Keep a few potential disadvantages in mind as you consider SLS for your project.

• Cost: SLS printers are expensive, so large-run manufacturing isn't cost-effective
• Finish: Some parts may need to be machined to improve the surface
• Paintability: Porous materials are harder to paint than solid-surface SLA parts

Uses of Selective Laser Sintering 3D Printing

This flexible 3D printing technology has many applications.

• Rapid prototyping: Functional models used to prove the concept are created with SLS for design evaluation, testing of performance and design verification.
• Rapid manufacturing: Customized and rapid manufacturing using SLS is ideal for aerospace, unmanned aerial systems and vehicles, medical and dental, connectors and other electronics and military hardware.
• Custom tooling: SLS printing is used for concept development, rapid tooling, injection mold inserts, jigs, fixtures and sand-casting patterns.

Comparing 3D Print Technologies

One of the great things about 3D printing is that you've got options, whether you're planning to buy a 3D printer or have a prototype, logo or another project printed for you. See our guide FDM vs SLA vs. SLS Printing for comprehensive comparisons. Here is an overview:

SLS vs FDM: FDM printing, or Fused deposition printing, is also called fused filament fabrication, or FFF. This is a diagram of an FDM printer.

The material used in FDM additive manufacturing is solid rather than powder. It is heated as it passes through a printer head, and the molten material is deposited layer upon layer to form the piece. No lasers are used as in SLS. While FDM is cheaper, the layering is also more obvious. FDM requires the printing of support structures; none are needed for SLS because the un-sintered powder in the build bed support the piece as it is built.
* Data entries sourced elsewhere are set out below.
Lemma conjg_is_aut (G : AGroup) (a : G) : is_aut (fun g => a ⋅ g ⋅ ginv a).
Proof.
split; first by move=> x y; rewrite !gmulA mulgKV.
exists (fun g => ginv a ⋅ g ⋅ a); split=> x.
- by rewrite !gmulA gmulV gmul1 mulgKV.
- by rewrite !gmulA mulgV gmul1 mulgK.
Qed.

Lemma aut_comm_commutator (G : AGroup) (x y : G) : aut_comm G (x ⋅ y ⋅ ginv x ⋅ ginv y).
Proof.
by apply: generated_mem; exists (fun g => x ⋅ g ⋅ ginv x), y; split; first exact: conjg_is_aut.
Qed.

Section GraphProduct.
Context {V : finType} {e : rel V} {Gv : V -> AGroup} {G : AGroup}.
Context {iota : forall v, Gv v -> G}.
Hypothesis hG : is_graph_product e Gv G iota.

Lemma iota_hom v : is_hom (iota v).
Proof. by case: hG. Qed.

Lemma graph_product_lift {H : AGroup} {f : forall v, Gv v -> H} :
  (forall v, is_hom (f v)) ->
  (forall v w, e v w -> forall (x : Gv v) (y : Gv w), f v x ⋅ f w y = f w y ⋅ f v x) ->
  exists2 phi : G -> H, is_hom phi & forall v x, phi (iota v x) = f v x.
Proof.
case: hG => _ [_ lift] f_hom f_comm.
by have [phi [[]]] := lift H f f_hom f_comm; exists phi.
Qed.

Lemma graph_product_endo_id (h : G -> G) :
  is_hom h -> (forall v x, h (iota v x) = iota v x) -> forall g, h g = g.
Proof.
case: hG => iota_hom' [iota_comm lift] h_hom h_iota g.
have [phi [_ phi_unique]] := lift G iota iota_hom' iota_comm.
rewrite (phi_unique h h_hom h_iota).
by rewrite -(phi_unique (fun x => x) (fun _ _ => erefl) (fun _ _ => erefl)).
Qed.

Definition vertex_element (g : G) : Prop := exists v x, g = iota v x.

Lemma graph_product_generated_by_vertices g : generated vertex_element g.
Proof.
pose K := generated_group vertex_element.
pose incl v (x : Gv v) : K :=
  exist _ (iota v x) (generated_mem (S := vertex_element) (ex_intro _ v (ex_intro _ x erefl))).
have incl_hom v : is_hom (incl v).
  by move=> x y; apply: generated_val_inj; apply: iota_hom.
have incl_comm v w : e v w -> forall x y, incl v x ⋅ incl w y = incl w y ⋅ incl v x.
  by case: hG => _ [iota_comm _] vw x y; apply: generated_val_inj; apply: iota_comm.
have [phi phi_hom phi_iota] := graph_product_lift incl_hom incl_comm.
have phi_id : forall g, proj1_sig (phi g) = g.
  apply: graph_product_endo_id; first by move=> a b; rewrite phi_hom.
  by move=> v x; rewrite phi_iota.
by rewrite -(phi_id g); apply: proj2_sig.
Qed.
SLS vs SLA: SLA printing, or Stereolithography, is a 3D printing technology like SLS in that both processes use lasers.

In SLS, the CO2 lasers fuse powdered particles of metal, plastic, ceramic composites and other materials to build objects on a platform. The UV light lasers employed in SLA printing are directed at a vat of liquefied polymer, as shown in the diagram where a shoe is emerging from the build platform immersed in the vat. The laser above is curing the liquid into solid one layer at a time.
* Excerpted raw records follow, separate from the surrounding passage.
(* Let $K$ be a non-Archimedean locally compact field of characteristic $p>0$ with group of 1-units $U=1+M_K$, and let $\Lambda$ be the set of locally analytic group endomorphisms $U\to U$. Let $f\in\Lambda$ with $f(1+x)=\sum_{n=0}^{\infty}a_nx^n$ for all $x\in M_K$, where $\sum a_nx^n\in 1+x\mathbb{F}_p[[x]]$. Then for each $n\ge0$, $a_n=0$ if and only if the Hasse derivative $\mathsf{D}^{(n)}f(1+x)$ is identically zero. In particular, $a_1=0$ if and only if $f(1+x)=g(1+x)^p$ for some $g\in\Lambda$.
   Context: $M_K$ is the maximal ideal of the ring of integers $R_K$ of $K$; with constant field $\mathbb{F}$ of order $q$ and uniformizer $\pi$, $K=\mathbb{F}((\pi))$, $U=1+\pi\mathbb{F}[[\pi]]$, and $|x|=q^{-v(x)}$. A continuous function $f$ on a ball $B_{\alpha,t}=\{u\in R_K:|u-\alpha|\le t\}$, $t=|\rho|$, is analytic there if $f(u)=\sum_{n\ge0}c_n\left(\frac{u-\alpha}{\rho}\right)^n$ with $c_n\in K$, $c_n\to0$; $f:U\to K$ is locally analytic if each $\alpha\in U$ has a ball $B_{\alpha,t_\alpha}\subset U$, $t_\alpha>0$, on which $f$ is analytic. The Hasse derivative of order $m$ of $f(1+x)=\sum_k a_kx^k$ is $\mathsf{D}^{(m)}f(1+x)=\sum_{k\ge m}\binom{k}{m}a_kx^{k-m}$. *)

(* K = F((pi)) with F a finite field; elements of R_K = F[[pi]]
   are coefficient sequences nat -> F; elements of K are represented as
   pi^(-e) * s with e : nat and s in R_K. *)
From HB Require Import structures.
From mathcomp Require Import all_boot all_order all_algebra all_field.
Set Implicit Arguments. Unset Strict Implicit. Unset Printing Implicit Defensive.
Import Order.TTheory GRing.Theory Num.Theory.
Local Open Scope ring_scope.

Definition ps (F : Type) := nat -> F.

Definition ps_zero (F : nzRingType) : ps F := fun _ => 0.
Definition ps_one (F : nzRingType) : ps F := fun k => (k == 0%N)%:R.
Definition ps_add (F : nzRingType) (s t : ps F) : ps F := fun k => s k + t k.
Definition ps_sub (F : nzRingType) (s t : ps F) : ps F := fun k => s k - t k.
Definition ps_mul (F : nzRingType) (s t : ps F) : ps F :=
  fun k => \sum_(i < k.+1) s i * t (k - i)%N.
Definition ps_exp (F : nzRingType) (s : ps F) (n : nat) : ps F :=
  iter n (ps_mul s) (ps_one F).

Definition in_M (F : nzRingType) (x : ps F) : Prop := x 0%N = 0.
Definition in_U (F : nzRingType) (u : ps F) : Prop := u 0%N = 1.

(* ball B_{alpha,|rho|} = {u in R_K : v(u - alpha) >= v(rho)} *)
Definition in_ball (F : nzRingType) (alpha rho u : ps F) : Prop :=
  forall i, (forall j, (j <= i)%N -> rho j = 0) -> u i - alpha i = 0.

Definition laurent (F : Type) := (nat * ps F)%type.

Definition lcoef (F : nzRingType) (c : laurent F) (j : int) : F :=
  match (j + (c.1)%:Z)%R with Posz k => c.2 k | Negz _ => 0 end.
Definition pcoef (F : nzRingType) (s : ps F) (j : int) : F :=
  match j with Posz k => s k | Negz _ => 0 end.

Definition tends_to_zero (F : nzRingType) (c : nat -> laurent F) : Prop :=
  forall B : nat, exists N : nat, forall n, (N <= n)%N ->
    forall j : int, j < B%:Z -> lcoef (c n) j = 0.

Definition series_sum (F : nzRingType) (t : nat -> laurent F) (S : ps F) : Prop :=
  forall j : int, exists N : nat, forall M, (N <= M)%N ->
    \sum_(n < M) lcoef (t n) j = pcoef S j.

Definition continuous_on_ball (F : nzRingType) (f : ps F -> ps F) (alpha rho : ps F) : Prop :=
  forall u, in_ball alpha rho u -> forall N : nat, exists M : nat,
    forall v, in_ball alpha rho v -> (forall i, (i < M)%N -> u i = v i) ->
      forall i, (i < N)%N -> f u i = f v i.

(* f(u) = sum_n c_n ((u - alpha)/rho)^n on the ball, c_n in K, c_n -> 0 *)
Definition analytic_on_ball (F : nzRingType) (f : ps F -> ps F) (alpha rho : ps F) : Prop :=
  continuous_on_ball f alpha rho /\
  exists c : nat -> laurent F, tends_to_zero c /\
    forall u w, in_ball alpha rho u -> ps_mul rho w = ps_sub u alpha ->
      series_sum (fun n => ((c n).1, ps_mul (c n).2 (ps_exp w n))) (f u).

Definition locally_analytic (F : nzRingType) (f : ps F -> ps F) : Prop :=
  forall alpha, in_U alpha -> exists rho : ps F,
    rho <> ps_zero F /\ (forall u, in_ball alpha rho u -> in_U u) /\
    analytic_on_ball f alpha rho.

Definition U_endo (F : nzRingType) (f : ps F -> ps F) : Prop :=
  (forall u, in_U u -> in_U (f u)) /\
  (forall u v, in_U u -> in_U v -> f (ps_mul u v) = ps_mul (f u) (f v)).

Definition in_Lambda (F : nzRingType) (f : ps F -> ps F) : Prop :=
  U_endo f /\ locally_analytic f.

Definition pseries_eval (F : nzRingType) (a : nat -> F) (x S : ps F) : Prop :=
  series_sum (fun n => (0%N, fun k => a n * ps_exp x n k)) S.

Definition hasse (F : nzRingType) (a : nat -> F) (m : nat) : ps F :=
  fun j => ('C(j + m, m))%:R * a (j + m)%N.

From HB Require Import structures.
From mathcomp Require Import all_boot all_order all_algebra all_field.
From Stdlib Require Import FunctionalExtensionality.
From mathcomp Require Import zify ring.
Set Implicit Arguments. Unset Strict Implicit. Unset Printing Implicit Defensive.
Import GRing.Theory.
Local Open Scope ring_scope.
SLS vs PolyJet: PolyJet 3D printing is a proprietary type of liquefied polymer printing. However, instead of being stored in a vat as in SLA, the polymer is stored in a print head and cured by UV light as the material is deposited. Similarities between these technologies include a stationary build platform with an overhead component that moves on X and Y axes. PolyJet printing requires the printing of support structures; SLS does not.

How to Design for Selective Laser Sintering Printing

When designing for an SLS print project, these tips will help you achieve success.
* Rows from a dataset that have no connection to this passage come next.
Lemma fibered_peel K (S A : {set T}) h (f : {ffun T -> V}) :
    {in gtn K.+1 &, injective code} -> {in gtn K.+1, forall u, code u != d} ->
  fibered K.+1 S h f && ([set i in S | f i == code K] == A) =
  [&& A \subset S, #|A| == a K &
      fibered K (S :\: A) (fun i => if i \in A then code K else h i) f].
Proof.
move=> code_inj code_d; apply/idP/idP.
  case/andP => /andP[/forallP f_val /forallP f_cnt] /eqP defA; subst A.
  have AS : [set i in S | f i == code K] \subset S.
    by apply/subsetP => i; rewrite inE => /andP[].
  rewrite AS (f_cnt ord_max) /=; apply/andP; split.
    apply/forallP => i; rewrite in_setD !inE; have := f_val i.
    case: (i \in S) => /= [fi | //].
    case: (f i =P code K) => [-> | fiK] /=; first by rewrite eqxx.
    case/orP: fi => [-> // | /existsP[v /eqP fv]]; apply/orP; right; apply/existsP.
    have vK : v < K.
      by rewrite ltn_neqAle -ltnS ltn_ord andbT; apply/eqP => vK; apply: fiK; rewrite fv vK.
    by exists (Ordinal vK); rewrite fv.
  apply/forallP => v; rewrite (fiber_setD code_inj erefl (ltn_ord v)).
  exact: (f_cnt (widen_ord (leqnSn K) v)).
case/and3P => AS /eqP cardA /andP[/forallP f_val /forallP f_cnt].
have defA : [set i in S | f i == code K] = A.
  apply/setP => i; rewrite inE; have := f_val i; rewrite in_setD.
  case iA: (i \in A) => /=; first by rewrite (subsetP AS) // => /eqP ->; rewrite eqxx.
  case: (i \in S) => //=; case/orP => [/eqP -> | /existsP[v /eqP ->]].
    by rewrite eq_sym; apply/negbTE/code_d; rewrite inE.
  exact/negbTE/code_neq_last.
rewrite defA eqxx andbT; apply/andP; split.
  apply/forallP => i; have := f_val i; rewrite in_setD.
  case iA: (i \in A) => /=.
    by rewrite (subsetP AS) // => /eqP ->; apply/orP; right; apply/existsP; exists ord_max.
  case: (i \in S) => //= /orP[-> // | /existsP[v fv]].
  by apply/orP; right; apply/existsP; exists (widen_ord (leqnSn K) v).
apply/forallP => v; have [vK | Kv] := ltnP v K.
  by rewrite -(fiber_setD code_inj defA vK); exact: (f_cnt (Ordinal vK)).
have -> : nat_of_ord v = K by apply/eqP; rewrite eqn_leq Kv -ltnS ltn_ord.
by rewrite defA cardA.
Qed.

Lemma card_fibered K :
    {in gtn K &, injective code} -> {in gtn K, forall u, code u != d} ->
  forall (S : {set T}) (h : T -> V),
  #|[set f | fibered K S h f]| =
    \prod_(0 <= v < K) 'C(#|S| - \sum_(v.+1 <= u < K) a u, a v).
Proof.
elim: K => [|K IH] code_inj code_d S h.
  rewrite big_geq // -(cards1 [ffun i => if i \in S then d else h i]).
  apply: eq_card => f; rewrite !inE /fibered.
  rewrite [X in _ && X](_ : _ = true) ?andbT; last by apply/forallP => -[].
  apply/forallP/eqP.
    move=> f_val; apply/ffunP => i; rewrite ffunE; have := f_val i.
    by case: (i \in S) => /=; [case/orP => [/eqP | /existsP[[]]] | move/eqP].
  by move=> -> i; rewrite ffunE; case: (i \in S); rewrite eqxx.
have code_injK : {in gtn K &, injective code}.
  by move=> u v uK vK; apply: code_inj; rewrite inE ltnW.
have code_dK : {in gtn K, forall u, code u != d}.
  by move=> u uK; apply: code_d; rewrite inE ltnW.
rewrite -sum1_card.
rewrite (partition_big (fun f : {ffun T -> V} => [set i in S | f i == code K]) predT) //=.
transitivity (\sum_(A : {set T} | (A \subset S) && (#|A| == a K))
    \prod_(0 <= v < K) 'C(#|S| - a K - \sum_(v.+1 <= u < K) a u, a v)).
  rewrite [RHS]big_mkcond; apply: eq_bigr => A _; rewrite sum1_card.
  set h' := fun i => if i \in A then code K else h i.
  transitivity #|[set f | [&& A \subset S, #|A| == a K & fibered K (S :\: A) h' f]]|.
    by apply: eq_card => f; rewrite unfold_in /= !inE fibered_peel.
  case: (boolP ((A \subset S) && (#|A| == a K))) => [/andP[AS /eqP cardA] | notA];
    last first.
    by apply: eq_card0 => f; rewrite inE andbA (negbTE notA).
  have cardSA : #|S :\: A| = #|S| - a K by rewrite cardsD (setIidPr AS) cardA.
  rewrite -cardSA -(IH code_injK code_dK (S :\: A) h').
  by apply: eq_card => f; rewrite !inE AS cardA eqxx.
rewrite sum_nat_const.
have -> : #|[pred A : {set T} | (A \subset S) && (#|A| == a K)]| = 'C(#|S|, a K).
  by rewrite -cards_draws; apply: eq_card => A; rewrite inE.
rewrite big_nat_recr //= [\sum_(K.+1 <= u < K.+1) _]big_geq // subn0 mulnC.
congr (_ * _); apply: eq_big_nat => v /andP[_ vK].
by rewrite big_nat_recr //= addnC subnDA.
Qed.
End FiberCount.

Section RankFirst.
Variables (n : nat) (A : {set 'I_n}).

Let ranking := enum A ++ enum (~: A).

Lemma mem_ranking i : i \in ranking.
Proof. by rewrite mem_cat !mem_enum inE; case: (i \in A). Qed.

Definition rank_first (i : 'I_n) : 'I_n := insubd i (index i ranking).

Lemma rank_firstE i : rank_first i = index i ranking :> nat.
Proof.
have size_ranking : size ranking = n by rewrite size_cat -!cardE cardsC card_ord.
by rewrite /rank_first insubdK // unfold_in /= -[X in _ < X]size_ranking index_mem mem_ranking.
Qed.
• Consider designing in ribs that will provide improved stability in flat surfaces, while support struts are helpful too
• Avoid thick cross sections
• Hole bosses improve strength, stability and accuracy
• Rounding corners reduces stress
• Maintain uniform wall thickness between 0.06" and 0.15" to reduce the risk of curl and warping (which can also be reduced with ribbing)

The Future of SLS 3D Printing

Because of its many uses, selective layer sintering demand is expected to continue to be strong in the foreseeable future. Another factor making it the go-to choice for many prototyping and low-volume manufacturing is the availability of glass-filled and aluminum-filled materials that improve performance and machinability, are smoother and look better too.